In recent years, natural disasters have been occurring more frequently and with greater intensity, causing economic losses and increasing financial risks. This has encouraged financial markets to look more closely at instruments designed to transfer and manage catastrophe-related risk. Catastrophe (CAT) bonds are one such instrument, enabling insurers to shift a portion of potential losses from extreme weather events to investors, and serving as an alternative to traditional reinsurance.

A CAT bond is typically structured so that an insurer or reinsurer issues the bond through a special purpose vehicle (SPV). Investors receive above-average coupon payments provided that no predefined triggering event – such as a hurricane, earthquake, or flood – occurs during the bond’s term. If such an event does occur, part or all of the principal is transferred to cover the issuer’s losses, and investors bear the corresponding financial loss.

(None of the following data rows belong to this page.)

Let tail_eventE : [set t | L t < - x] `&` [set t | `|Z t| <= x] =
  [set t | forall i, swap_box i (X i t)].
Proof.
apply/seteqP; split => t /=.
  move=> [Lx Zx] i; rewrite /swap_box /=.
  have Yi_le_L k : (k < l.-1)%N -> Y k t <= L t by exact: le_maxY.
  case: ifP => [/eqP -> | i_neq0].
    by have := Yi_le_L 0%N l1_gt0; rewrite /Y /negfirst /=; lra.
  case: ifP => [/eqP -> | _]; first by rewrite -ZE.
  case: ifP => // il; have := Yi_le_L i il.
  by rewrite /Y /negfirst i_neq0; lra.
move=> inbox; split; last by have := inbox j; rewrite /swap_box /= (gtn_eqF l1_gt0) eqxx ZE.
apply: maxY_lt => [|i il].
  by have := inbox i0; rewrite /swap_box /Y /negfirst /=; lra.
rewrite /Y /negfirst; case: ifP => [/eqP -> | i_neq0].
  by have := inbox i0; rewrite /swap_box /=; lra.
have := inbox (Ordinal (ltn_trans il l1_lt_n)).
by rewrite /swap_box /= i_neq0 il (ltn_eqF il).
Qed.

Let swap_box_sub_head_event : [set t | forall i, swap_box i (X (s i) t)] `<=`
  [set t | `|L t| <= x] `&` [set t | x < Z t].
Proof.
move=> t /= inbox.
have := inbox j; rewrite /s tpermR /swap_box /= (gtn_eqF l1_gt0) eqxx => X0_le_x.
have := inbox i0; rewrite /s tpermL /swap_box /= => Xl_gt_x.
split; last by rewrite ZE.
rewrite /L maxY_id; first by rewrite /Y /negfirst /= normrN.
move=> i il; rewrite /Y /negfirst /=; case: ifP => [/eqP -> // | i_neq0].
have := inbox (Ordinal (ltn_trans il l1_lt_n)); rewrite /s tpermD.
- by rewrite /swap_box /= i_neq0 il (ltn_eqF il); move: X0_le_x; rewrite ler_norml; lra.
- by apply/eqP => /(congr1 val) /= /eqP; rewrite eq_sym i_neq0.
- by apply/eqP => /(congr1 val) /= il1; rewrite il1 ltnn in il.
Qed.

Let head_event_sub_swap_box : l = 2 -> [set t | `|L t| <= x] `&` [set t | x < Z t] `<=`
  [set t | forall i, swap_box i (X (s i) t)].
Proof.
move=> l_eq2 t /= [Lx Zx] i.
have L_Y0 : L t = Y 0%N t by rewrite /L maxY_id // l_eq2 => k /ltnSE; rewrite leqn0 => /eqP ->.
rewrite L_Y0 /Y /negfirst /= normrN in Lx; rewrite ZE in Zx.
have [-> | i_neq_i0] := eqVneq i i0; first by rewrite /s tpermL /swap_box.
have [-> | i_neq_j] := eqVneq i j.
  by rewrite /s tpermR /swap_box /= (gtn_eqF l1_gt0) eqxx.
rewrite /s tpermD 1?eq_sym // /swap_box /=.
have i_neq0 : (val i == 0%N) = false.
  by apply: contraNF i_neq_i0 => /eqP i0E; apply/eqP/val_inj.
have i_neq_l1 : (val i == l.-1) = false.
  by apply: contraNF i_neq_j => /eqP ijE; apply/eqP/val_inj.
by rewrite i_neq0 i_neq_l1 l_eq2 ltnS leqn0 i_neq0.
Qed.

Let measurable_head_event : measurable ([set t | `|L t| <= x] `&` [set t | x < Z t]).
Proof.
have mabsL : measurable_fun setT (fun t => `|L t|) by exact: measurableT_comp.
apply: measurableI; first exact: measurable_set_ler mabsL (measurable_cst x).
by apply: (measurable_set_ltr (f := cst x) (g := Z)) => //; exact: mY.
Qed.

Let measurable_swapped_box : measurable [set t | forall i, swap_box i (X (s i) t)].
Proof. by apply: measurable_box => // i; exact: mX. Qed.

Let probability_tail_le_head :
  (P ([set t | L t < - x]%R `&` [set t | `|Z t| <= x]%R) <=
   P ([set t | `|L t| <= x]%R `&` [set t | x < Z t]%R))%E.
Proof.
rewrite tail_eventE -(exX s swap_box measurable_swap_box).
by apply: le_measure; rewrite ?inE //; exact: swap_box_sub_head_event.
Qed.

Let probability_tail_eq_head2 : l = 2 ->
  P ([set t | L t < - x] `&` [set t | `|Z t| <= x]) =
  P ([set t | `|L t| <= x] `&` [set t | x < Z t]).
Proof.
move=> l_eq2; apply/le_anti; rewrite probability_tail_le_head /=.
rewrite tail_eventE -(exX s swap_box measurable_swap_box).
by apply: le_measure; rewrite ?inE //; exact: head_event_sub_swap_box.
Qed.

Let probability_abs_maxY_balance :
  (P [set t | `|maxY Y l.-1 t| <= x]%R + P ([set t | L t < - x]%R `&` [set t | `|Z t| <= x]%R) =
   P [set t | `|maxY Y l t| <= x]%R + P ([set t | `|L t| <= x]%R `&` [set t | x < Z t]%R))%E.
Proof.
have -> : maxY Y l = fun t => Num.max (L t) (Z t).
  by apply/funext => t; rewrite -[in maxY Y l](ltn_predK l2) maxYS.
exact: probability_abs_max_le P _ _ x mL (mY _ l1_lt_n).
Qed.

Let fin_head_event : P ([set t | `|L t| <= x]%R `&` [set t | x < Z t]%R) \is a fin_num.
Proof. exact: fin_num_measure measurable_head_event. Qed.

Lemma cdf_abs_maxY_le_pred :
  (P [set t | `|maxY Y l t| <= x]%R <= P [set t | `|maxY Y l.-1 t| <= x]%R)%E.
Proof.
rewrite -(leeD2rE _ _ fin_head_event) -probability_abs_maxY_balance.
exact: leeD2l probability_tail_le_head.
Qed.

Lemma cdf_abs_maxY2 : l = 2 ->
  P [set t | `|maxY Y l t| <= x] = P [set t | `|maxY Y l.-1 t| <= x].
Proof.
move=> l_eq2; rewrite -[LHS](addeK _ fin_head_event) -probability_abs_maxY_balance.
by rewrite probability_tail_eq_head2 // addeK.
Qed.

End step.

Lemma SIAMX_negfirst : SIAMX P n Y.
Proof.
have maxY1 : maxY Y 1 = Y 0%N.
  by apply/funext => t; apply: maxY_id => i; rewrite ltnS leqn0 => /eqP ->.
split=> [|l /andP[l3 ln] x]; last exact: cdf_abs_maxY_le_pred (ltnW l3) ln.
have maxY2 : maxY Y 2 = Y 0%N \max Y 1%N by apply/funext => t; rewrite maxYS maxY1.
apply: dist_eq_of_cdf => [||x].
- by apply: measurableT_comp => //; exact: mY 0%N (ltnW n2).
- rewrite maxY2; apply: measurableT_comp => //.
  by apply: measurable_maxr; [exact: mY 0%N (ltnW n2) | exact: mY 1%N n2].
- by rewrite (cdf_abs_maxY2 2 x (leqnn 2) n2 erefl) maxY1.
Qed.

End negfirst_SIAMX.

Lemma SIAMN_of_SIAMX_opp {d : measure_display} {T : measurableType d} {R : realType}
    (P : probability T R) (n : nat) (Y : nat -> T -> R) :
  SIAMX P n (fun i t => - Y i t) -> SIAMN P n Y.
Proof.
have abs_minY l : (fun t => `|minY Y l t|) = (fun t => `|maxY (fun i t => - Y i t) l t|).
  by apply/funext => t; rewrite minY_opp normrN.
have abs_Y0 : (fun t => `|Y 0%N t|) = (fun t => `|- Y 0%N t|).
  by apply/funext => t; rewrite normrN.
move=> [law2 st_step]; split; first by rewrite abs_Y0 abs_minY.
by move=> l l3n; rewrite !abs_minY; exact: st_step.
Qed.

Lemma negfirstN {d : measure_display} {T : measurableType d} {R : realType}
    (X : nat -> T -> R) :
  (fun i t => - negfirst X i t) = negfirst (fun i t => - X i t).
Proof. by apply/funext => i; apply/funext => t; rewrite /negfirst; case: (i == 0)%N. Qed.

Theorem corollary3p11 (d : measure_display) (T : measurableType d) (R : realType)
  (P : probability T R) (n : nat) (X : nat -> T -> R) :
  (2 <= n)%N ->
  (forall i : nat, (i < n)%N -> measurable_fun setT (X i)) ->
  exchangeable P n X ->
  SIAMX P n (negfirst X) /\ SIAMN P n (negfirst X).
Proof.
move=> n2 mX /exchangeable_box exX; split; first exact: SIAMX_negfirst.
apply: SIAMN_of_SIAMX_opp; rewrite negfirstN; apply: SIAMX_negfirst => //.
- by move=> i ilt; apply: measurableT_comp => //; exact: mX.
- exact: box_exchangeableN.
Qed.
Lemma separate_convex (O C : set E) o0 c0 : is_convex O -> is_convex C ->
  O o0 -> C c0 -> (forall x, exists2 d : R, 0 < d & O (o0 + d *: x)) ->
  ~ (O `&` C !=set0) ->
  exists L, linear_form L /\ (forall o c, O o -> C c -> L o <= L c) /\
    1 <= L (c0 - o0).
Proof.
move=> cO cC Oo0 Cc0 abs OC.
pose W := [set o - c + (c0 - o0) | o in O & c in C].
have cW : is_convex W.
  move=> _ _ [o1 O1 [c1 C1 <-]] [o2 O2 [c2 C2 <-]] t t01.
  exists (t *: o1 + (1 - t) *: o2); first exact: cO.
  exists (t *: c1 + (1 - t) *: c2); first exact: cC.
  by rewrite convex_comb_addr convex_comb_subr.
have W0 : W 0 by exists o0 => //; exists c0 => //; rewrite -[c0 - o0]opprB subrr.
have absW x : exists2 d : R, 0 < d & W (d *: x).
  have [d d0 Od] := abs x; exists d => //; exists (o0 + d *: x) => //.
  by exists c0 => //; rewrite -addrA addKr addrC addKr.
have nW : ~ W (c0 - o0).
  move=> [o Oo [c Cc /(canRL (addrK _))]]; rewrite subrr => /subr0_eq oc.
  by apply: OC; exists o; split=> //; rewrite oc.
have [L [hL [LW Lw0]]] := separate_absorbing_convex cW W0 absW nW.
exists L; split=> //; split=> // o c Oo Cc.
have := LW _ (ex_intro2 _ _ o Oo (ex_intro2 _ _ c Cc erefl)).
rewrite linear_formD // linear_formB //; lra.
Qed.

End HahnBanach.

(** * Open convex sets and continuous linear forms *)

Section TVS.
Context {R : realType} {X : tvsType R}.
Implicit Types (x y a : X) (f g L : X -> R).

Lemma continuous_affine a (k : R) : continuous (fun v : X => a + k *: v).
Proof.
move=> v.
have hs : {for v, continuous (fun v : X => k *: v)}.
  apply: (@continuous_comp X (R^o * X)%type X (fun v => (k, v)) (fun z => z.1 *: z.2));
    last exact: scale_continuous.
  by apply: (@cvg_pair _ _ _ _ (nbhs (k : R^o))); [exact: cvg_cst|exact: cvg_id].
apply: (@continuous_comp X (X * X)%type X (fun v => (a, k *: v)) (fun z => z.1 + z.2));
  last exact: add_continuous.
by apply: (@cvg_pair _ _ _ _ (nbhs a)); [exact: cvg_cst|exact: hs].
Qed.

Lemma continuous_line x y : continuous (fun s : R^o => x + s *: y).
Proof.
move=> s.
have hs : {for s, continuous (fun s : R^o => s *: y)}.
  apply: (@continuous_comp R^o (R^o * X)%type X (fun s => (s, y)) (fun z => z.1 *: z.2));
    last exact: scale_continuous.
  by apply: (@cvg_pair _ _ _ _ (nbhs (s : R^o))); [exact: cvg_id|exact: cvg_cst].
apply: (@continuous_comp R^o (X * X)%type X (fun s => (x, s *: y)) (fun z => z.1 + z.2));
  last exact: add_continuous.
by apply: (@cvg_pair _ _ _ _ (nbhs x)); [exact: cvg_cst|exact: hs].
Qed.

Lemma open_radial (V : set X) x y : open V -> V x ->
  exists2 s0 : R, 0 < s0 & forall s : R, 0 <= s <= s0 -> V (x + s *: y).
Proof.
move=> oV Vx.
have : nbhs (0 : R^o) [set s : R^o | V (x + s *: y)].
  apply: (@continuous_line x y 0); rewrite scale0r addr0.
  exact: open_nbhs_nbhs.
move=> /nbhs_ballP[e e0 he]; exists (e / 2); first by rewrite divr_gt0.
move=> s /andP[s0 s1]; apply: he; rewrite -ball_normE /= sub0r normrN ger0_norm //.
by apply: le_lt_trans s1 _; rewrite ltr_pdivrMr // ltr_pMr // ltr1n.
Qed.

As climate-related disasters continue to grow in frequency and severity, accurately pricing CAT bond coupons has become increasingly important. Machine learning models, capable of capturing nonlinear relationships and identifying patterns in large, complex datasets, offer a promising approach to CAT bond pricing that can account for evolving climate risks.

While previous studies have examined financial, structural, and climate-related determinants of CAT bond spreads, our analysis in [2] extends this literature in two key ways. First, we investigate whether large-scale climate variability indices help explain CAT bond coupons. Second, we evaluate the predictive performance of a broad range of machine learning models and compare their performance to traditional approaches. Overall, our study provides new insights into how climate variability may shape pricing in the CAT bond market and assesses the value added by alternative modeling techniques.

Our dataset comes from the primary market and comprises 734 tranches issued between June 1997 and December 2020. In Figure 1 we present geographical distribution of bond issuance across countries. The dataset covers a wide range of geographic regions. It captures both developed and emerging markets. While the majority of bonds are linked to catastrophe risk exposures in the United States, issuances tied to European and Asian exposures are also present.

Figure 1: Geographical distribution of bond issuance across countries. The map presents the number of tranches issued in the primary market between June 1997 and December 2020.

We examine whether large-scale climate variability indices — such as the Oceanic Niño Index (ONI), Arctic Oscillation (AO), North Atlantic Oscillation (NAO), Outgoing Longwave Radiation (OLR), the Pacific–North American (PNA) pattern, Pacific Decadal Oscillation (PDO), and the Southern Oscillation Index (SOI) — carry explanatory power for CAT bond coupons. In Figure 2 we present the correlation coefficients between CAT bond coupon and lagged values of climate indices. Each index is shifted backward in time from 2 to 18 months to capture potential delayed effects. The ONI exhibits negative correlations with coupon values, with the lowest values between 9 and 14 months lag. This suggests that warmer ENSO phases might be associated with lower CAT bond coupons. The AO shows positive correlations across most lags, peaking slightly at around 3-5 months and again at 14-16 months. The NAO displays positive correlations at shorter lags (around 3-5 months) and again at 12-13 months, with a peak correlation close to 0.12. The OLR stands out as one of the most consistently positively correlated indices, especially at higher lags between 11 and 16 months, where correlations approach or exceed 0.2. Since OLR is a proxy for tropical convection and rainfall, these findings may indicate that sustained tropical activity affects perceived risk in CAT bond markets. The PNA also shows a relatively stable and positive relationship with CAT bond coupons. Correlations range from 0.05 to over 0.2. In contrast, the PDO consistently exhibits negative correlations across all lags, with a particularly strong values at short lags between 2 and 4 months. Finally, the SOI shows a broadly positive correlation values, especially between 5 and 15 months. Correlations peak above 0.2 around month 14.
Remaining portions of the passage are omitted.